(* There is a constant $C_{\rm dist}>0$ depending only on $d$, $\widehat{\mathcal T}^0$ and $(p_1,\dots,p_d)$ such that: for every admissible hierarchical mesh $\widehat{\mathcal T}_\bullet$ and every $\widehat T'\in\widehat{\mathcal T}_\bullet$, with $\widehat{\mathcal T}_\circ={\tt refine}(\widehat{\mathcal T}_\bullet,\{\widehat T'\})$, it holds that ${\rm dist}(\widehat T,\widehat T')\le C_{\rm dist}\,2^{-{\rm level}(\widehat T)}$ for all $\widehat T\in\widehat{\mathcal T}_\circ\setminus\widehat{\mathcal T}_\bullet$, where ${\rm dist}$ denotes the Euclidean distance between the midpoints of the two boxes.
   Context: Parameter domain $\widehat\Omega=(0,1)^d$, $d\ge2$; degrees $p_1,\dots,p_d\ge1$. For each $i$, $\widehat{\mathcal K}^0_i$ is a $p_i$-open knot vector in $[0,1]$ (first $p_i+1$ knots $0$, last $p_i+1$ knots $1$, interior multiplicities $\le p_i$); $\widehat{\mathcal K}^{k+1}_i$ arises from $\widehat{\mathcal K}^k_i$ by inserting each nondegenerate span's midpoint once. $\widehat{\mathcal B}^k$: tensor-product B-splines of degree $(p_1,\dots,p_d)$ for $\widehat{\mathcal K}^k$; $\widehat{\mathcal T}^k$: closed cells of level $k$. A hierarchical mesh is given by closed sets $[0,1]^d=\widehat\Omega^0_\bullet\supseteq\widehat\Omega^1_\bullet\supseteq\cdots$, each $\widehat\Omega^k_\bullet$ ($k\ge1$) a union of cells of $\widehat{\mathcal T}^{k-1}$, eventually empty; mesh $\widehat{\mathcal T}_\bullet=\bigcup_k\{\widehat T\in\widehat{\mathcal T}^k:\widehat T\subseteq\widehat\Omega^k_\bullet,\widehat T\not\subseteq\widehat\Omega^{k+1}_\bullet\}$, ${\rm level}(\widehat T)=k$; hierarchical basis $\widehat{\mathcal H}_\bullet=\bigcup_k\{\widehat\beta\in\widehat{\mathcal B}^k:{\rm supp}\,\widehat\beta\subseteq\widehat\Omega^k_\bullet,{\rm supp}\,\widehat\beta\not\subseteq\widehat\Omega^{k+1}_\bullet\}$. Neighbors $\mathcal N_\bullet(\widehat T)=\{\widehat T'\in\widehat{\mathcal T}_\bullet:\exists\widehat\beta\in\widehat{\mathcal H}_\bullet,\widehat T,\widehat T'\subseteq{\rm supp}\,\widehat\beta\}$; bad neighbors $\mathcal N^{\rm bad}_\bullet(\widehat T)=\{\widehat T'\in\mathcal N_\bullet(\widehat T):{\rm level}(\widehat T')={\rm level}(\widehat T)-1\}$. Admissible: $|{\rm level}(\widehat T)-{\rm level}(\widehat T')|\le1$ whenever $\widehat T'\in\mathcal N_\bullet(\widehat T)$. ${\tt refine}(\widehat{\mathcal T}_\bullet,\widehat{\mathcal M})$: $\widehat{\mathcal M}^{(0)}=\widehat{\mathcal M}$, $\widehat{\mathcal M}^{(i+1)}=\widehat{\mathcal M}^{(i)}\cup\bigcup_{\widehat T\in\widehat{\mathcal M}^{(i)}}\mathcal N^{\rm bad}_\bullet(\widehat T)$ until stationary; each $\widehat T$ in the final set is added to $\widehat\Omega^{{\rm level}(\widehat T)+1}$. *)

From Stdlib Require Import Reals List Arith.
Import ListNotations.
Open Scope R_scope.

• Exercise directions:
Give back the listing exactly.

• Response to the task:
(* There is a constant $C_{\rm dist}>0$ depending only on $d$, $\widehat{\mathcal T}^0$ and $(p_1,\dots,p_d)$ such that: for every admissible hierarchical mesh $\widehat{\mathcal T}_\bullet$ and every $\widehat T'\in\widehat{\mathcal T}_\bullet$, with $\widehat{\mathcal T}_\circ={\tt refine}(\widehat{\mathcal T}_\bullet,\{\widehat T'\})$, it holds that ${\rm dist}(\widehat T,\widehat T')\le C_{\rm dist}\,2^{-{\rm level}(\widehat T)}$ for all $\widehat T\in\widehat{\mathcal T}_\circ\setminus\widehat{\mathcal T}_\bullet$, where ${\rm dist}$ denotes the Euclidean distance between the midpoints of the two boxes.
   Context: Parameter domain $\widehat\Omega=(0,1)^d$, $d\ge2$; degrees $p_1,\dots,p_d\ge1$. For each $i$, $\widehat{\mathcal K}^0_i$ is a $p_i$-open knot vector in $[0,1]$ (first $p_i+1$ knots $0$, last $p_i+1$ knots $1$, interior multiplicities $\le p_i$); $\widehat{\mathcal K}^{k+1}_i$ arises from $\widehat{\mathcal K}^k_i$ by inserting each nondegenerate span's midpoint once. $\widehat{\mathcal B}^k$: tensor-product B-splines of degree $(p_1,\dots,p_d)$ for $\widehat{\mathcal K}^k$; $\widehat{\mathcal T}^k$: closed cells of level $k$. A hierarchical mesh is given by closed sets $[0,1]^d=\widehat\Omega^0_\bullet\supseteq\widehat\Omega^1_\bullet\supseteq\cdots$, each $\widehat\Omega^k_\bullet$ ($k\ge1$) a union of cells of $\widehat{\mathcal T}^{k-1}$, eventually empty; mesh $\widehat{\mathcal T}_\bullet=\bigcup_k\{\widehat T\in\widehat{\mathcal T}^k:\widehat T\subseteq\widehat\Omega^k_\bullet,\widehat T\not\subseteq\widehat\Omega^{k+1}_\bullet\}$, ${\rm level}(\widehat T)=k$; hierarchical basis $\widehat{\mathcal H}_\bullet=\bigcup_k\{\widehat\beta\in\widehat{\mathcal B}^k:{\rm supp}\,\widehat\beta\subseteq\widehat\Omega^k_\bullet,{\rm supp}\,\widehat\beta\not\subseteq\widehat\Omega^{k+1}_\bullet\}$. Neighbors $\mathcal N_\bullet(\widehat T)=\{\widehat T'\in\widehat{\mathcal T}_\bullet:\exists\widehat\beta\in\widehat{\mathcal H}_\bullet,\widehat T,\widehat T'\subseteq{\rm supp}\,\widehat\beta\}$; bad neighbors $\mathcal N^{\rm bad}_\bullet(\widehat T)=\{\widehat T'\in\mathcal N_\bullet(\widehat T):{\rm level}(\widehat T')={\rm level}(\widehat T)-1\}$. Admissible: $|{\rm level}(\widehat T)-{\rm level}(\widehat T')|\le1$ whenever $\widehat T'\in\mathcal N_\bullet(\widehat T)$. ${\tt refine}(\widehat{\mathcal T}_\bullet,\widehat{\mathcal M})$: $\widehat{\mathcal M}^{(0)}=\widehat{\mathcal M}$, $\widehat{\mathcal M}^{(i+1)}=\widehat{\mathcal M}^{(i)}\cup\bigcup_{\widehat T\in\widehat{\mathcal M}^{(i)}}\mathcal N^{\rm bad}_\bullet(\widehat T)$ until stationary; each $\widehat T$ in the final set is added to $\widehat\Omega^{{\rm level}(\widehat T)+1}$. *)

From Stdlib Require Import Reals List Arith.
Import ListNotations.
Open Scope R_scope.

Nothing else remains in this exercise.